▸ Stored items:
§
(* Let $b=1/2$, let $\mathcal B$ be a Hamel basis of $\mathbb{R}$ over $\mathbb{Q}$ with $b\in\mathcal B$, and let $\pi:\mathbb{R}\to[0,1]$ be defined by $\pi(x)=\lambda^x_b-\lfloor\lambda^x_b\rfloor$ if $\lambda^x_b$ is not an odd integer, and $\pi(x)=1$ if $\lambda^x_b$ is an odd integer. Then $\pi$ is a minimal valid function for $I_b$. Equivalently, $\pi\ge 0$ and: (i) $\pi(x)+\pi(y)\ge\pi(x+y)$ for all $x,y\in\mathbb{R}$; (ii) $\pi(x)+\pi(b-x)=1$ for all $x\in\mathbb{R}$; (iii) $\pi(z)=0$ for all $z\in\mathbb{Z}$.
   Context: For $b\in\mathbb{R}\setminus\mathbb{Z}$, $I_b$ is the set of finite-support functions $y:\mathbb{R}\to\mathbb{Z}_+$ (i.e. $y(x)=0$ for all but finitely many $x$) such that $\sum_{x\in\mathbb{R}} y(x)\,x\equiv b \pmod 1$. A function $\pi:\mathbb{R}\to\mathbb{R}_+$ is a (nonnegative) valid function for $I_b$ if $\sum_{x\in\mathbb{R}}\pi(x)y(x)\ge 1$ for every $y\in I_b$. A valid function $\pi':\mathbb{R}\to\mathbb{R}_+$ dominates a valid function $\pi:\mathbb{R}\to\mathbb{R}_+$ if $\pi'\ne\pi$ and $\pi'\le\pi$ pointwise; a valid function $\pi:\mathbb{R}\to\mathbb{R}_+$ is minimal if it is not dominated by any valid function $\mathbb{R}\to\mathbb{R}_+$. (By Gomory–Johnson, a function $\pi:\mathbb{R}\to\mathbb{R}_+$ is minimal iff it satisfies (i), (ii), (iii).) A Hamel basis is a basis of $\mathbb{R}$ as a vector space over $\mathbb{Q}$; for $x\in\mathbb{R}$, $\lambda^x_b\in\mathbb{Q}$ denotes the coefficient of the basis element $b$ in the unique expression of $x$ as a finite rational linear combination of elements of $\mathcal B$. *)

From Stdlib Require Import Reals Lra Lia ZArith QArith Qround Qreals List.
Import ListNotations.
Open Scope R_scope.

Definition lincomb (l : list (R * Q)) : R :=
  fold_right (fun p acc => Q2R (snd p) * fst p + acc) 0 l.

Definition in_basis (B : R -> Prop) (l : list (R * Q)) : Prop :=
  forall p, In p l -> B (fst p).

Definition hamel_basis (B : R -> Prop) : Prop :=
  (forall l : list (R * Q),
      in_basis B l -> NoDup (map fst l) -> lincomb l = 0 ->
      forall p, In p l -> (snd p == 0)%Q) /\
  (forall x : R, exists l : list (R * Q), in_basis B l /\ x = lincomb l).

Definition coef_in (e : R) (l : list (R * Q)) : Q :=
  fold_right (fun p acc => if Req_EM_T (fst p) e then (snd p + acc)%Q else acc) 0%Q l.

(* q is the coefficient lambda^x_e of e in the (unique) expansion of x in B. *)
Definition hamel_coef (B : R -> Prop) (e x : R) (q : Q) : Prop :=
  exists l : list (R * Q), in_basis B l /\ NoDup (map fst l) /\
    x = lincomb l /\ coef_in e l == q.

Definition Q_odd_integer (q : Q) : bool :=
  Qeq_bool (inject_Z (Qfloor q)) q && Z.odd (Qfloor q).

Definition pi_of (lam : R -> Q) (x : R) : R :=
  if Q_odd_integer (lam x) then 1 else Q2R (lam x - inject_Z (Qfloor (lam x))).

Definition covers_support (y : R -> nat) (l : list R) : Prop :=
  NoDup l /\ forall x, y x <> 0%nat -> In x l.

Definition sumR (l : list R) (f : R -> R) : R :=
  fold_right (fun x acc => f x + acc) 0 l.

Definition in_Ib (b : R) (y : R -> nat) : Prop :=
  exists l, covers_support y l /\
    exists k : Z, sumR l (fun x => INR (y x) * x) - b = IZR k.

Definition valid_fn (b : R) (pi : R -> R) : Prop :=
  (forall x, 0 <= pi x) /\
  forall y, in_Ib b y -> forall l, covers_support y l ->
    sumR l (fun x => pi x * INR (y x)) >= 1.

Definition dominates (b : R) (pi' pi : R -> R) : Prop :=
  valid_fn b pi' /\ pi' <> pi /\ forall x, pi' x <= pi x.

Definition minimal_fn (b : R) (pi : R -> R) : Prop :=
  valid_fn b pi /\ ~ (exists pi', dominates b pi' pi).

(** The coefficient map [x |-> lam x] of a Hamel basis element is additive,
    sends an integer [z] to [2 z] (since [z = 2 z * (1/2)]) and [1/2 - x] to
    [1 - lam x].  Hence [pi] is the one-dimensional function [f] on [Q] given
    by the fractional part, corrected to [1] on odd integers, composed with
    an additive map.  The function [f] is subadditive, satisfies
    [f q + f (1 - q) = 1], and vanishes on even integers, so [pi] satisfies
    the Gomory–Johnson conditions (i)–(iii); these imply minimality for any
    right-hand side [b]: subadditivity gives validity, and the symmetry
    condition pinned against the two-point solutions [x + (b - x) = b] of a
    dominating valid function forces equality. *)

From Stdlib Require Import Reals Lra Lia ZArith QArith Qround Qreals List
  Permutation FunctionalExtensionality.
Import ListNotations.
Open Scope R_scope.

Definition odd_frac (q : Q) : R :=
  if Q_odd_integer q then 1 else Q2R (q - inject_Z (Qfloor q)).

Lemma Q2R_inject_Z (z : Z) : Q2R (inject_Z z) = IZR z.
Proof. unfold Q2R, inject_Z; simpl. rewrite Rinv_1. ring. Qed.

Lemma Q2R_int_frac_split (q : Q) :
  exists m t, Q2R q = IZR m + t /\ 0 <= t < 1.
Proof.
  exists (Qfloor q), (Q2R q - IZR (Qfloor q)).
  pose proof (Qle_Rle _ _ (Qfloor_le q)) as Hle.
  pose proof (Qlt_Rlt _ _ (Qlt_floor q)) as Hlt.
  rewrite Q2R_inject_Z in Hle, Hlt. rewrite plus_IZR in Hlt. split; lra.
Qed.

Lemma odd_frac_split (q : Q) (m : Z) (t : R) :
  Q2R q = IZR m + t -> 0 <= t < 1 ->
  odd_frac q = if Req_EM_T t 0 then (if Z.odd m then 1 else 0) else t.
Proof.
  intros Hq Ht.
  assert (Hfloor : Qfloor q = m).
  { pose proof (Qle_Rle _ _ (Qfloor_le q)) as Hle.
    pose proof (Qlt_Rlt _ _ (Qlt_floor q)) as Hlt.
    rewrite Q2R_inject_Z in Hle, Hlt. rewrite plus_IZR in Hlt.
    assert (IZR (Qfloor q) < IZR (m + 1)) as H1 by (rewrite plus_IZR; lra).
    assert (IZR m < IZR (Qfloor q + 1)) as H2 by (rewrite plus_IZR; lra).
    apply lt_IZR in H1. apply lt_IZR in H2. lia. }
  unfold odd_frac, Q_odd_integer. rewrite Hfloor.
  destruct (Req_EM_T t 0) as [Ht0 | Ht0].
  - assert (Qeq_bool (inject_Z m) q = true) as ->.
    { apply Qeq_bool_iff, eqR_Qeq. rewrite Q2R_inject_Z. lra. }
    simpl. destruct (Z.odd m); [reflexivity|].
    rewrite Q2R_minus, Q2R_inject_Z. lra.
  - assert (Qeq_bool (inject_Z m) q = false) as ->.
    { destruct (Qeq_bool (inject_Z m) q) eqn:E; [|reflexivity].
      apply Qeq_bool_iff, Qeq_eqR in E. rewrite Q2R_inject_Z in E. lra. }
    simpl. rewrite Q2R_minus, Q2R_inject_Z. lra.
Qed.

Lemma odd_frac_bounds (q : Q) (m : Z) (t : R) :
  Q2R q = IZR m + t -> 0 <= t < 1 -> t <= odd_frac q <= 1.
Proof.
  intros Hq Ht. rewrite (odd_frac_split q m t Hq Ht).
  destruct (Req_EM_T t 0); [destruct (Z.odd m)|]; lra.
Qed.

Lemma odd_frac_ge0 (q : Q) : 0 <= odd_frac q.
Proof.
  destruct (Q2R_int_frac_split q) as [m [t [Hq Ht]]].
  pose proof (odd_frac_bounds q m t Hq Ht). lra.
Qed.

Lemma odd_frac_Qeq (p q : Q) : (p == q)%Q -> odd_frac p = odd_frac q.
Proof.
  intros Hpq. destruct (Q2R_int_frac_split q) as [m [t [Hq Ht]]].
  rewrite (odd_frac_split q m t Hq Ht).
  apply odd_frac_split; [rewrite (Qeq_eqR _ _ Hpq)|]; assumption.
Qed.

Lemma odd_frac_subadditive (p q : Q) : odd_frac (p + q) <= odd_frac p + odd_frac q.
Proof.
  destruct (Q2R_int_frac_split p) as [m1 [t1 [Hp Ht1]]].
  destruct (Q2R_int_frac_split q) as [m2 [t2 [Hq Ht2]]].
  pose proof (odd_frac_bounds _ _ _ Hp Ht1).
  pose proof (odd_frac_bounds _ _ _ Hq Ht2).
  destruct (Rlt_le_dec (t1 + t2) 1).
  - assert (Hpq : Q2R (p + q) = IZR (m1 + m2) + (t1 + t2))
      by (rewrite Q2R_plus, plus_IZR; lra).
    rewrite (odd_frac_split _ _ _ Hpq ltac:(lra)).
    destruct (Req_EM_T (t1 + t2) 0); [|lra].
    (* Both summands are integers: the parities of [m1] and [m2] decide. *)
    assert (t1 = 0) by lra. assert (t2 = 0) by lra. subst.
    rewrite (odd_frac_split _ _ _ Hp Ht1), (odd_frac_split _ _ _ Hq Ht2), Z.odd_add.
    destruct (Req_EM_T 0 0); [|lra].
    destruct (Z.odd m1), (Z.odd m2); simpl; lra.
  - assert (Hpq : Q2R (p + q) = IZR (m1 + m2 + 1) + (t1 + t2 - 1))
      by (rewrite Q2R_plus, !plus_IZR; lra).
    rewrite (odd_frac_split _ _ _ Hpq ltac:(lra)).
    destruct (Req_EM_T (t1 + t2 - 1) 0); [destruct (Z.odd _)|]; lra.
Qed.

Lemma odd_frac_compl (q : Q) : odd_frac q + odd_frac (1 - q) = 1.
Proof.
  destruct (Q2R_int_frac_split q) as [m [t [Hq Ht]]].
  assert (Q2R 1 = 1) as Hone by (unfold Q2R; simpl; lra).
  rewrite (odd_frac_split _ _ _ Hq Ht).
  destruct (Req_EM_T t 0) as [Ht0 | Ht0].
  - assert (Hq' : Q2R (1 - q) = IZR (1 - m) + 0)
      by (rewrite Q2R_minus, minus_IZR; lra).
    rewrite (odd_frac_split _ _ _ Hq' ltac:(lra)), Z.odd_sub.
    destruct (Req_EM_T 0 0); [|lra].
    destruct (Z.odd m); simpl; lra.
  - assert (Hq' : Q2R (1 - q) = IZR (- m) + (1 - t))
      by (rewrite Q2R_minus, opp_IZR; lra).
    rewrite (odd_frac_split _ _ _ Hq' ltac:(lra)).
    destruct (Req_EM_T (1 - t) 0); lra.
Qed.

Lemma odd_frac_even (z : Z) : odd_frac (inject_Z (2 * z)) = 0.
Proof.
  assert (Hz : Q2R (inject_Z (2 * z)) = IZR (2 * z) + 0)
    by (rewrite Q2R_inject_Z; lra).
  rewrite (odd_frac_split _ _ _ Hz ltac:(lra)), Z.odd_mul.
  destruct (Req_EM_T 0 0); [reflexivity | lra].
Qed.

(** * Hamel coefficients *)

Lemma lincomb_app (l1 l2 : list (R * Q)) :
  lincomb (l1 ++ l2) = lincomb l1 + lincomb l2.
Proof. induction l1 as [|[r q] l IH]; simpl; [lra|]. rewrite IH; lra. Qed.

Definition lincomb_opp (l : list (R * Q)) : list (R * Q) :=
  map (fun p => (fst p, (- snd p)%Q)) l.

Lemma lincomb_oppE (l : list (R * Q)) : lincomb (lincomb_opp l) = - lincomb l.
Proof. induction l as [|[r q] l IH]; simpl; [lra|]. rewrite IH, Q2R_opp; lra. Qed.

Lemma lincomb_map (K : list R) (c : R -> Q) :
  lincomb (map (fun e => (e, c e)) K) = sumR K (fun e => Q2R (c e) * e).
Proof. induction K; simpl; [reflexivity|]. rewrite IHK; reflexivity. Qed.

Lemma coef_in_app (e : R) (l1 l2 : list (R * Q)) :
  (coef_in e (l1 ++ l2) == coef_in e l1 + coef_in e l2)%Q.
Proof.
  induction l1 as [|[r q] l IH]; simpl; [ring|].
  destruct (Req_EM_T r e); rewrite IH; ring.
Qed.

Lemma coef_in_opp (e : R) (l : list (R * Q)) :
  (coef_in e (lincomb_opp l) == - coef_in e l)%Q.
Proof.
  induction l as [|[r q] l IH]; simpl; [reflexivity|].
  destruct (Req_EM_T r e); rewrite IH; ring.
Qed.

Lemma coef_in_notin (e : R) (l : list (R * Q)) :
  ~ In e (map fst l) -> (coef_in e l == 0)%Q.
Proof.
  induction l as [|[r q] l IH]; simpl; intros He; [reflexivity|].
  destruct (Req_EM_T r e); [tauto|]. apply IH; tauto.
Qed.

Lemma in_basis_app (B : R -> Prop) (l1 l2 : list (R * Q)) :
  in_basis B l1 -> in_basis B l2 -> in_basis B (l1 ++ l2).
Proof. intros H1 H2 p Hp. apply in_app_or in Hp as [Hp | Hp]; auto. Qed.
§
▸ TO DO: Locate the lines above that contain "with" and copy them.

▸ EXERCISE RESULT:
(* Let $b=1/2$, let $\mathcal B$ be a Hamel basis of $\mathbb{R}$ over $\mathbb{Q}$ with $b\in\mathcal B$, and let $\pi:\mathbb{R}\to[0,1]$ be defined by $\pi(x)=\lambda^x_b-\lfloor\lambda^x_b\rfloor$ if $\lambda^x_b$ is not an odd integer, and $\pi(x)=1$ if $\lambda^x_b$ is an odd integer. Then $\pi$ is a minimal valid function for $I_b$. Equivalently, $\pi\ge 0$ and: (i) $\pi(x)+\pi(y)\ge\pi(x+y)$ for all $x,y\in\mathbb{R}$; (ii) $\pi(x)+\pi(b-x)=1$ for all $x\in\mathbb{R}$; (iii) $\pi(z)=0$ for all $z\in\mathbb{Z}$.
    by the fractional part, corrected to [1] on odd integers, composed with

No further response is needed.